[Stored items]
Lemma consistent_glue (a : basis (iports c G)) w :
  consistent (glue b a) w = consistent_rest w && (a == input_part w).
Proof.
rewrite /consistent /consistent_rest /matches -andbA [_ && (a == _)]andbC andbA.
congr (_ && _); apply/idP/idP.
  move/forallP => agree; apply/andP; split.
    apply/forallP => p; apply/implyP => pR.
    by have := agree p; rewrite glue_rest // (subsetP (subsetDl _ _) _ pR).
  apply/eqP/basis_ext => l lG; rewrite /input_part tot_restr lG /=.
  by have := agree (prov c (inr (G, l))); rewrite provs_in_Exit // glue_prov // => /eqP.
case/andP => /forallP agree /eqP ->; apply/forallP => p; apply/implyP => pZ.
have [/imsetP[l lG ->]|notpG] := boolP (p \in provs c G).
  by rewrite glue_prov // /input_part tot_restr lG.
by have := agree p; rewrite inE pZ notpG glue_rest // inE notpG.
Qed.

Lemma path_sum_glue :
  \sum_(a : basis (iports c G)) gU c G (outpart b) a * path_sum Z (glue b a) =
  \sum_(w | consistent_rest w) gU c G (outpart b) (input_part w) * path_amp Z w.
Proof.
transitivity (\sum_(a : basis (iports c G)) \sum_w
   ((consistent_rest w && (a == input_part w))%:R *
    (gU c G (outpart b) (input_part w) * path_amp Z w))).
  apply: eq_bigr => a _; rewrite ffunE big_distrr /= big_mkcond /=.
  apply: eq_bigr => w _; rewrite consistent_glue.
  by case: (boolP (_ && _)) => [/andP[_ /eqP <-]|_]; rewrite ?mul1r ?mul0r.
rewrite exchange_big /= [RHS]big_mkcond /=; apply: eq_bigr => w _.
rewrite (bigD1 (input_part w)) //= eqxx andbT big1 ?addr0 => [|a /negbTE ->].
  by case: (consistent_rest w); rewrite ?mul1r ?mul0r.
by rewrite andbF mul0r.
Qed.

Definition extend (w : wires) : wires :=
  [ffun p => if is_outport G p then tot b p else w p].
Definition forget (w : wires) : wires :=
  [ffun p => if is_outport G p then false else w p].

Lemma extend_forget v : consistent b v -> extend (forget v) = v.
Proof.
case/matchesP => agree _; apply/ffunP => p; rewrite !ffunE.
by case outp: (is_outport G p) => //; rewrite agree // (Exit_step stZ rdy) outp.
Qed.

(* extension is a bijection from the assignments compatible with b on R
   onto those contributing to the coordinate b at Z+G *)
Lemma consistent_extend w :
  consistent b (extend w) && (forget (extend w) == w) = consistent_rest w.
Proof.
apply/andP/matchesP => [[/matchesP[agree vanish] /eqP forget_w]|[agree vanish]].
  split=> p.
    move=> pR; have notoutp : ~~ is_outport G p.
      move: pR; rewrite in_setD => /andP[_ pZ].
      by apply/negP => /(outport_notin_Exit rdy); rewrite pZ.
    by have := agree p; rewrite (Exit_step stZ rdy) pR orbT ffunE (negbTE notoutp); apply.
  have [outp _|notoutp unavail] := boolP (is_outport G p).
    by rewrite -forget_w ffunE outp.
  by have := vanish p; rewrite available_step (negbTE notoutp) unavail ffunE
                                (negbTE notoutp); apply.
split.
  apply/matchesP; split=> p; rewrite ffunE.
    by rewrite (Exit_step stZ rdy); case: ifP => //= _ /agree.
  by rewrite available_step negb_or => /andP[/negbTE -> /vanish].
apply/eqP/ffunP => p; rewrite !ffunE; case outp: (is_outport G p) => //.
by rewrite vanish // (outport_unavailable rdy).
Qed.

Lemma path_amp_extend w :
  path_amp ZG (extend w) = gU c G (outpart b) (input_part w) * path_amp Z w.
Proof.
have extend_prov H l : H \in ZG -> l \in iports c H ->
    extend w (prov c (inr (H, l))) = w (prov c (inr (H, l))).
  by move=> ZGH lH; rewrite ffunE (negbTE (provs_not_outport stZ rdy ZGH lH)).
rewrite /path_amp setUC big_setU1 ?(gate_notin_stage rdy) //= mulrCA.
congr (_ * (_ * _)).
- congr (gU c G _ _).
    by apply: restr_ext => m mG; rewrite ffunE /= eqxx mG.
  by apply: restr_ext => l lG; rewrite extend_prov // !inE eqxx orbT.
- by congr (psi _); apply/ffunP => i; rewrite !ffunE.
- apply: eq_bigr => H ZH; congr (gU c H _ _).
    apply: restr_ext => m mH; rewrite ffunE /=.
    by case: eqP => // eqHG; rewrite eqHG (negbTE (gate_notin_stage rdy)) in ZH.
  by apply: restr_ext => l lH; rewrite extend_prov // !inE ZH.
Qed.

Lemma path_sum_step :
  path_sum ZG b =
  \sum_(a : basis (iports c G)) gU c G (outpart b) a * path_sum Z (glue b a).
Proof.
rewrite path_sum_glue ffunE (reindex_onto extend forget extend_forget) /=.
by apply: eq_big => w; [exact: consistent_extend | rewrite path_amp_extend].
Qed.

End PathSumStep.

Lemma path_sum_states : circuit_states c psi path_sum.
Proof. by split=> [b|Z G stZ rdy b]; [exact: path_sum_empty | exact: path_sum_step]. Qed.

Lemma circuit_states_unique St : circuit_states c psi St ->
  forall Z, stage c Z -> St Z = path_sum Z.
Proof.
case=> St_empty St_step; have [sum_empty sum_step] := path_sum_states.
apply: stage_ind => [|Z G stZ rdy IH]; apply/ffunP => b.
  by rewrite St_empty sum_empty.
by rewrite (St_step _ _ stZ rdy) (sum_step _ _ stZ rdy) IH.
Qed.

End Circuit.

Theorem mainTheorem5 (R : realType) (In Out Gate L : finType)
    (c : circuit R In Out Gate L) (wf : wf_circuit c)
    (psi : {ffun {ffun In -> bool} -> R[i]}) :
  exists St : forall Z : {set Gate}, tens R[i] (Exit c Z),
    circuit_states c psi St /\
    (forall St' : forall Z : {set Gate}, tens R[i] (Exit c Z),
       circuit_states c psi St' -> forall Z, stage c Z -> St' Z = St Z).
Proof.
exists (path_sum c psi); split; first exact: path_sum_states.
by move=> St' St'_states Z stZ; apply: circuit_states_unique.
Qed.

> _Exercise brief_
All of the data above should be transcribed exactly.

> _Your response_
Lemma consistent_glue (a : basis (iports c G)) w :
  consistent (glue b a) w = consistent_rest w && (a == input_part w).
Proof.
rewrite /consistent /consistent_rest /matches -andbA [_ && (a == _)]andbC andbA.
congr (_ && _); apply/idP/idP.
  move/forallP => agree; apply/andP; split.
    apply/forallP => p; apply/implyP => pR.
    by have := agree p; rewrite glue_rest // (subsetP (subsetDl _ _) _ pR).
  apply/eqP/basis_ext => l lG; rewrite /input_part tot_restr lG /=.
  by have := agree (prov c (inr (G, l))); rewrite provs_in_Exit // glue_prov // => /eqP.
case/andP => /forallP agree /eqP ->; apply/forallP => p; apply/implyP => pZ.
have [/imsetP[l lG ->]|notpG] := boolP (p \in provs c G).
  by rewrite glue_prov // /input_part tot_restr lG.
by have := agree p; rewrite inE pZ notpG glue_rest // inE notpG.
Qed.

Lemma path_sum_glue :
  \sum_(a : basis (iports c G)) gU c G (outpart b) a * path_sum Z (glue b a) =
  \sum_(w | consistent_rest w) gU c G (outpart b) (input_part w) * path_amp Z w.
Proof.
transitivity (\sum_(a : basis (iports c G)) \sum_w
   ((consistent_rest w && (a == input_part w))%:R *
    (gU c G (outpart b) (input_part w) * path_amp Z w))).
  apply: eq_bigr => a _; rewrite ffunE big_distrr /= big_mkcond /=.
  apply: eq_bigr => w _; rewrite consistent_glue.
  by case: (boolP (_ && _)) => [/andP[_ /eqP <-]|_]; rewrite ?mul1r ?mul0r.
rewrite exchange_big /= [RHS]big_mkcond /=; apply: eq_bigr => w _.
rewrite (bigD1 (input_part w)) //= eqxx andbT big1 ?addr0 => [|a /negbTE ->].
  by case: (consistent_rest w); rewrite ?mul1r ?mul0r.
by rewrite andbF mul0r.
Qed.

Definition extend (w : wires) : wires :=
  [ffun p => if is_outport G p then tot b p else w p].
Definition forget (w : wires) : wires :=
  [ffun p => if is_outport G p then false else w p].

Lemma extend_forget v : consistent b v -> extend (forget v) = v.
Proof.
case/matchesP => agree _; apply/ffunP => p; rewrite !ffunE.
by case outp: (is_outport G p) => //; rewrite agree // (Exit_step stZ rdy) outp.
Qed.

(* extension is a bijection from the assignments compatible with b on R
   onto those contributing to the coordinate b at Z+G *)
Lemma consistent_extend w :
  consistent b (extend w) && (forget (extend w) == w) = consistent_rest w.
Proof.
apply/andP/matchesP => [[/matchesP[agree vanish] /eqP forget_w]|[agree vanish]].
  split=> p.
    move=> pR; have notoutp : ~~ is_outport G p.
      move: pR; rewrite in_setD => /andP[_ pZ].
      by apply/negP => /(outport_notin_Exit rdy); rewrite pZ.
    by have := agree p; rewrite (Exit_step stZ rdy) pR orbT ffunE (negbTE notoutp); apply.
  have [outp _|notoutp unavail] := boolP (is_outport G p).
    by rewrite -forget_w ffunE outp.
  by have := vanish p; rewrite available_step (negbTE notoutp) unavail ffunE
                                (negbTE notoutp); apply.
split.
  apply/matchesP; split=> p; rewrite ffunE.
    by rewrite (Exit_step stZ rdy); case: ifP => //= _ /agree.
  by rewrite available_step negb_or => /andP[/negbTE -> /vanish].
apply/eqP/ffunP => p; rewrite !ffunE; case outp: (is_outport G p) => //.
by rewrite vanish // (outport_unavailable rdy).
Qed.

Lemma path_amp_extend w :
  path_amp ZG (extend w) = gU c G (outpart b) (input_part w) * path_amp Z w.
Proof.
have extend_prov H l : H \in ZG -> l \in iports c H ->
    extend w (prov c (inr (H, l))) = w (prov c (inr (H, l))).
  by move=> ZGH lH; rewrite ffunE (negbTE (provs_not_outport stZ rdy ZGH lH)).
rewrite /path_amp setUC big_setU1 ?(gate_notin_stage rdy) //= mulrCA.
congr (_ * (_ * _)).
- congr (gU c G _ _).
    by apply: restr_ext => m mG; rewrite ffunE /= eqxx mG.
  by apply: restr_ext => l lG; rewrite extend_prov // !inE eqxx orbT.
- by congr (psi _); apply/ffunP => i; rewrite !ffunE.
- apply: eq_bigr => H ZH; congr (gU c H _ _).
    apply: restr_ext => m mH; rewrite ffunE /=.
    by case: eqP => // eqHG; rewrite eqHG (negbTE (gate_notin_stage rdy)) in ZH.
  by apply: restr_ext => l lH; rewrite extend_prov // !inE ZH.
Qed.

Lemma path_sum_step :
  path_sum ZG b =
  \sum_(a : basis (iports c G)) gU c G (outpart b) a * path_sum Z (glue b a).
Proof.
rewrite path_sum_glue ffunE (reindex_onto extend forget extend_forget) /=.
by apply: eq_big => w; [exact: consistent_extend | rewrite path_amp_extend].
Qed.

End PathSumStep.

Lemma path_sum_states : circuit_states c psi path_sum.
Proof. by split=> [b|Z G stZ rdy b]; [exact: path_sum_empty | exact: path_sum_step]. Qed.

Lemma circuit_states_unique St : circuit_states c psi St ->
  forall Z, stage c Z -> St Z = path_sum Z.
Proof.
case=> St_empty St_step; have [sum_empty sum_step] := path_sum_states.
apply: stage_ind => [|Z G stZ rdy IH]; apply/ffunP => b.
  by rewrite St_empty sum_empty.
by rewrite (St_step _ _ stZ rdy) (sum_step _ _ stZ rdy) IH.
Qed.

End Circuit.

Theorem mainTheorem5 (R : realType) (In Out Gate L : finType)
    (c : circuit R In Out Gate L) (wf : wf_circuit c)
    (psi : {ffun {ffun In -> bool} -> R[i]}) :
  exists St : forall Z : {set Gate}, tens R[i] (Exit c Z),
    circuit_states c psi St /\
    (forall St' : forall Z : {set Gate}, tens R[i] (Exit c Z),
       circuit_states c psi St' -> forall Z, stage c Z -> St' Z = St Z).
Proof.
exists (path_sum c psi); split; first exact: path_sum_states.
by move=> St' St'_states Z stZ; apply: circuit_states_unique.
Qed.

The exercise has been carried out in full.